**THE TASK**: Across the records, count every line that includes "Open" and give the number by itself.
[LISTED RECORDS — start]
(* Let $G$ be a monomer graph with boundary atoms $v_0,v_{n-1}$, $G^p$ its polymer graph and $G^*$ its induced star-linking graph, all with the same initial node features, and fix an integer $d_{thres}\ge 1$. Assume that the graph distance in $G$ between $v_0$ and $v_{n-1}$ is larger than $2d_{thres}-1$. If a network consists of localized graph attention layers (with threshold $d_{thres}$), nodewise transformations, and concludes with a mean pooling, then its output on $G^p$ is identical to its output on $G^*$.
   Context: A monomer graph is $G=(V,E,\mathbf{X})$ with atoms $V=\{v_0,\dots,v_{n-1}\}$, bonds $E$, features $\mathbf{x}_i\in\mathbb{R}^d$ of $v_i$, and boundary atoms $v_0,v_{n-1}$. The polymer graph $G^p$ has nodes $v^p_i$, $i\in\mathbb{Z}$, with $v^p_i$ carrying the features of $v_{i\bmod n}$; its edges are $(v^p_{kn+a},v^p_{kn+b})$ for every $k\in\mathbb{Z}$ and every bond $(v_a,v_b)\in E$, plus $(v^p_{kn-1},v^p_{kn})$ for every $k\in\mathbb{Z}$. The induced star-linking graph $G^*$ has node set $V$, edge set $E\cup\{(v_0,v_{n-1})\}$ and the same features. Localized graph attention (LGA) with threshold $d_{thres}$: with learnable $\mathbf{W}^Q,\mathbf{W}^K,\mathbf{W}^V\in\mathbb{R}^{d\times d}$, set $\mathbf{q}_j=\mathbf{W}^Q\mathbf{x}_j$, $\mathbf{k}_i=\mathbf{W}^K\mathbf{x}_i$, $\mathbf{v}_i=\mathbf{W}^V\mathbf{x}_i$; for nodes $i,j$ with graph distance $d_{ij}$ and a shortest path $\mathbf{p}_{ij}$, the attention logit is $\mathbf{k}_i^T\mathbf{q}_j/\sqrt{d}+f_{dist}(d_{ij})+f_{path}(\mathbf{p}_{ij})$, where $f_{dist}, f_{path}$ are fixed scalar-valued functions ($f_{path}$ depending only on the node/edge attributes along the path); the weights $\hat A_{ij}$ are the softmax of these logits over the nodes $i$ with $d_{ij}<d_{thres}$ (and $\hat A_{ij}=0$ if $d_{ij}\ge d_{thres}$); the new feature of $j$ is $\mathbf{y}_j=\sum_i \hat A_{ij}\mathbf{v}_i$. A nodewise transformation applies a fixed function to each node feature independently (e.g. residual connections, layer normalization, feed-forward networks). Layers are applied identically on both graphs. Node features on $G^p$ remain $n$-periodic, and mean pooling on $G^p$ is the average over one period $v^p_0,\dots,v^p_{n-1}$; on $G^*$ it is the average over all nodes. *)

From HB Require Import structures.
From mathcomp Require Import all_boot all_order all_algebra.
From mathcomp Require Import all_classical all_reals all_analysis.
Set Implicit Arguments. Unset Strict Implicit. Unset Printing Implicit Defensive.
Import Order.TTheory GRing.Theory Num.Theory.
Local Open Scope classical_set_scope.
Local Open Scope ring_scope.

Fixpoint chainP {V : Type} (adj : V -> V -> Prop) (u : V) (q : seq V) : Prop :=
  match q with
  | [::] => True
  | w :: q' => adj u w /\ chainP adj w q'
  end.

Definition is_walk {V : Type} (adj : V -> V -> Prop) (i j : V) (p : seq V) : Prop :=
  match p with
  | [::] => False
  | u :: q => u = i /\ last u q = j /\ chainP adj u q
  end.

Definition walk_length {V : Type} (p : seq V) : nat := (size p).-1.

Definition dist_lt {V : Type} (adj : V -> V -> Prop) (t : nat) (i j : V) : Prop :=
  exists p, is_walk adj i j p /\ (walk_length p < t)%N.

(* m < d(i, j) (with d(i,j) = +infinity when i, j are disconnected) *)
Definition dist_gt {V : Type} (adj : V -> V -> Prop) (m : nat) (i j : V) : Prop :=
  forall p, is_walk adj i j p -> (m < walk_length p)%N.

Definition is_gdist {V : Type} (adj : V -> V -> Prop) (i j : V) (d : nat) : Prop :=
  (exists p, is_walk adj i j p /\ walk_length p = d) /\
  (forall p, is_walk adj i j p -> (d <= walk_length p)%N).

(* the graph distance (only meaningful for connected pairs) *)
Definition gdist {V : Type} (adj : V -> V -> Prop) (i j : V) : nat :=
  xget 0%N [set d | is_gdist adj i j d].

Definition is_shortest_path {V : Type} (adj : V -> V -> Prop) (i j : V) (p : seq V) :=
  is_walk adj i j p /\ walk_length p = gdist adj i j.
[LISTED RECORDS — finish]
**SOLUTION TO THE PROBLEM**: 2